For this Monday Morning Memory, I will recount my most traumatic memory from second grade, possibly from all of elementary school. Like most of my pre-adult traumas, the entire situation is blown out of proportion and largely my own fault. My teacher was Mrs. Noonan. My mom had written a note to excuse me from gym class - I had a little bit of a sore throat and a lotta bit of not wanting to do whatever activity was going on that day in gym class. I gave the note to Mrs. Noonan and she told me to remind her about it as we left for P.E., because she'd probably forget. We line up for P.E., and Mrs. Noonan seems to have forgotten. Here's my big moment. I'm standing in line, desperately hoping Mrs. Noonan remembers, knowing that I'm supposed to speak up and remind her. Anything involving "speaking up" was not possible for me at eight years old. So I walk to the gym with my class, knowing that the P.E. teacher (Mrs. Sychee) is expecting me to participate.
During that long walk to the gym, I grow increasingly anxious over my situation. What if Mrs. Sychee realizes I'm not in my gym shoes!? (Unlike my non-gym sneakers, my gym shoes had WHITE laces.) If I just participate, what if Mrs. Noonan realizes she forgot the note? She'll think I wasn't really sick! If I tell Mrs. Sychee the situation, she'll wonder why I didn't remind Mrs. Noonan. If I just say nothing, I'll have to participate in P.E. today! With a small sore throat!
We finally get to the gym and I have a fool-proof plan. See yesterday, one of the girls in the class had to sit out because she twisted her ankle.
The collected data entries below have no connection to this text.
Lemma is_series_sq_moment (q : nat -> R) lam : lam <> 0 ->
  ex_series (fun k => (INR k / lam) ^ 2 * q k) ->
  is_series (fun k => INR k ^ 2 * q k) (lam ^ 2 * Series (fun k => (INR k / lam) ^ 2 * q k)).
Proof.
  intros Hlam Hex. apply (is_series_ext (fun k => lam ^ 2 * ((INR k / lam) ^ 2 * q k))).
  - intros k. change (lam ^ 2 * ((INR k / lam) ^ 2 * q k) = INR k ^ 2 * q k). field. exact Hlam.
  - apply (is_series_scal_l (V := R_NormedModule)), Series_correct, Hex.
Qed.

Lemma comps_sq_mean_le_log_linear (q : nat -> R) (ell alpha B lam : R) (n : nat) :
  q 0%nat = 0 -> (forall k, 0 <= q k) -> is_series q 1 ->
  is_series (fun k => INR k * q k) ell -> 0 < ell -> 0 < lam -> lam / ell <= 2 * alpha ->
  0 <= B -> ex_series (fun k => (INR k / lam) ^ 2 * q k) ->
  Series (fun k => (INR k / lam) ^ 2 * q k) <= B ->
  comps_sq_mean q n n <= 4 * alpha * B * lam * INR n + (4 * alpha * B * lam) ^ 2.
Proof.
  intros Hq0 Hq Hq1 Hmean Hell Hlam Hratio HB Hex HSer.
  set (M2 := lam ^ 2 * Series (fun k => (INR k / lam) ^ 2 * q k)).
  assert (HM2 : is_series (fun k => INR k ^ 2 * q k) M2)
    by (apply is_series_sq_moment; [lra | exact Hex]).
  assert (HM2B : M2 <= B * lam ^ 2)
    by (unfold M2; rewrite Rmult_comm; apply Rmult_le_compat_r; [apply pow2_ge_0 | exact HSer]).
  pose proof (sq_moment_nonneg q M2 Hq Hq1 HM2).
  pose proof (comps_sq_mean_le_linear q ell M2 Hq0 Hq Hq1 Hmean HM2 Hell n n (le_n n)).
  assert (Ha : 0 <= 2 * M2 / ell <= 4 * alpha * B * lam).
  { split; [apply Rdiv_le_0_compat; lra|]. apply Rle_div_l; [lra|].
    assert (lam <= 2 * alpha * ell) by (apply (Rle_div_l lam (2 * alpha) ell); lra).
    assert (B * lam * lam <= B * lam * (2 * alpha * ell)) by (apply Rmult_le_compat_l; nra).
    nra. }
  pose proof (pos_INR n). nra.
Qed.

Lemma H_Yge_le_linear (p : nat -> nat -> R) (px : nat -> list bool -> R) (d : nat -> R)
  (ell alpha B : R) (J L n : nat) :
  p n 0%nat = 0 -> (forall k, 0 <= p n k) -> is_series (p n) 1 ->
  is_series (fun k => INR k * p n k) ell -> 0 < ell ->
  log2 (INR n) / ell <= 2 * alpha -> 0 <= alpha -> 0 <= B ->
  ex_series (fun k => (INR k / log2 (INR n)) ^ 2 * p n k) ->
  Series (fun k => (INR k / log2 (INR n)) ^ 2 * p n k) <= B ->
  (forall x, 0 <= px n x) -> sumL (px n) (all_strings n) = 1 ->
  (forall k, 0 <= d k <= 1) -> (5 <= n)%nat -> (1 <= L < J)%nat ->
  H_Yge px p d J L n <=
  12 * alpha * B * (INR L / INR J) * INR n + 48 * alpha ^ 2 * B ^ 2 * log2 (INR n) + 4.
Proof.
  intros Hq0 Hq Hq1 Hmean Hell Hratio Halpha HB Hex HSer Hpx Hpx1 Hd Hn HLJ.
  assert (Hn5 : 5 <= INR n) by (apply (le_INR 5) in Hn; simpl in Hn; lra).
  set (lam := log2 (INR n)) in *.
  assert (Hlam : 0 < lam) by (apply log2_pos; lra).
  set (r := INR L / INR J).
  assert (Hr : 0 < r <= 1).
  { assert (1 <= INR L) by (apply (le_INR 1); lia). assert (INR L < INR J) by (apply lt_INR; lia).
    split; [apply Rdiv_lt_0_compat | apply Rle_div_l]; lra. }
  pose proof (comps_sq_mean_le_log_linear (p n) ell alpha B lam n Hq0 Hq Hq1 Hmean Hell Hlam
    Hratio HB Hex HSer) as HG.
  set (A := 4 * alpha * B * lam) in HG.
  assert (Ht : 0 < INR J / INR L * lam).
  { apply Rmult_lt_0_compat; [apply Rdiv_lt_0_compat; apply lt_0_INR; lia | exact Hlam]. }
  assert (HK : 0 <= log2 (4 * (INR n + 1)) <= 2 * lam)
    by (split; [apply Rlt_le, log2_pos | apply log2_length_code_le]; lra).
  pose proof (code_rate_le lam _ J L Hlam HK HLJ) as Hkap. fold r in Hkap.
  pose proof (H_Yge_le px p d J L n Hq0 Hq Hq1 Hpx Hpx1 Hd Ht) as HH. fold lam in HH.
  set (kap := / (INR J / INR L * lam) + log2 (4 * (INR n + 1)) / (INR J / INR L * lam) ^ 2) in *.
  assert (Hkap0 : 0 <= kap).
  { apply Rplus_le_le_0_compat; [apply Rlt_le, Rinv_0_lt_compat; lra|].
    apply Rdiv_le_0_compat; [lra | apply pow_lt; lra]. }
  assert (HG0 : 0 <= comps_sq_mean (p n) n n) by (apply comps_sq_mean_nonneg; auto).
  assert (Hcost : kap * comps_sq_mean (p n) n n <= 3 * r / lam * (A * INR n + A ^ 2))
    by (apply Rmult_le_compat; lra).
  replace (3 * r / lam * (A * INR n + A ^ 2))
    with (12 * alpha * B * r * INR n + 48 * alpha ^ 2 * B ^ 2 * lam * r) in Hcost
    by (unfold A; field; lra).
  assert (48 * alpha ^ 2 * B ^ 2 * lam * r <= 48 * alpha ^ 2 * B ^ 2 * lam).
  { rewrite <- (Rmult_1_r (48 * alpha ^ 2 * B ^ 2 * lam)) at 2.
    apply Rmult_le_compat_l; [|lra]. pose proof (pow2_ge_0 alpha). pose proof (pow2_ge_0 B).
    apply Rmult_le_pos; [|lra]. nra. }
  assert (2 / ln 2 <= 4) by (apply Rle_div_l; [apply ln2_pos | pose proof ln_lt_2; lra]).
  lra.
Qed.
All I have to do is tell Mrs. Sychee that I hurt my leg (obviously I couldn't say ankle because that would be too obvious), and she'll let me sit out. I don't know why or how, but I was confident that would solve all of my problems.
Turns out saying "my leg hurts and I need to sit out" gets me sent to the nurse's office. Panic begins to set in. I try desperately to come up with some story to get me out of this mess, but by the time I get to the nurse's office, I just burst into tears. I confess everything. I'm sure I make no sense (how do you describe that problem in a way that makes sense?), and the nurse walks me back to my classroom to hand me off to Mrs. Noonan. Exasperated, she asks me why I didn't just remind her? Mrs. Sychee wants to know why I didn't just explain the situation? For the rest of the day, my answer to any question is to simply burst into tears. (This becomes my default coping mechanism for most elementary school "problems." Like that time I forgot my math book. Or the time my book order was delayed. And that time I didn't finish coloring in my worksheet.) Most traumatic day ever.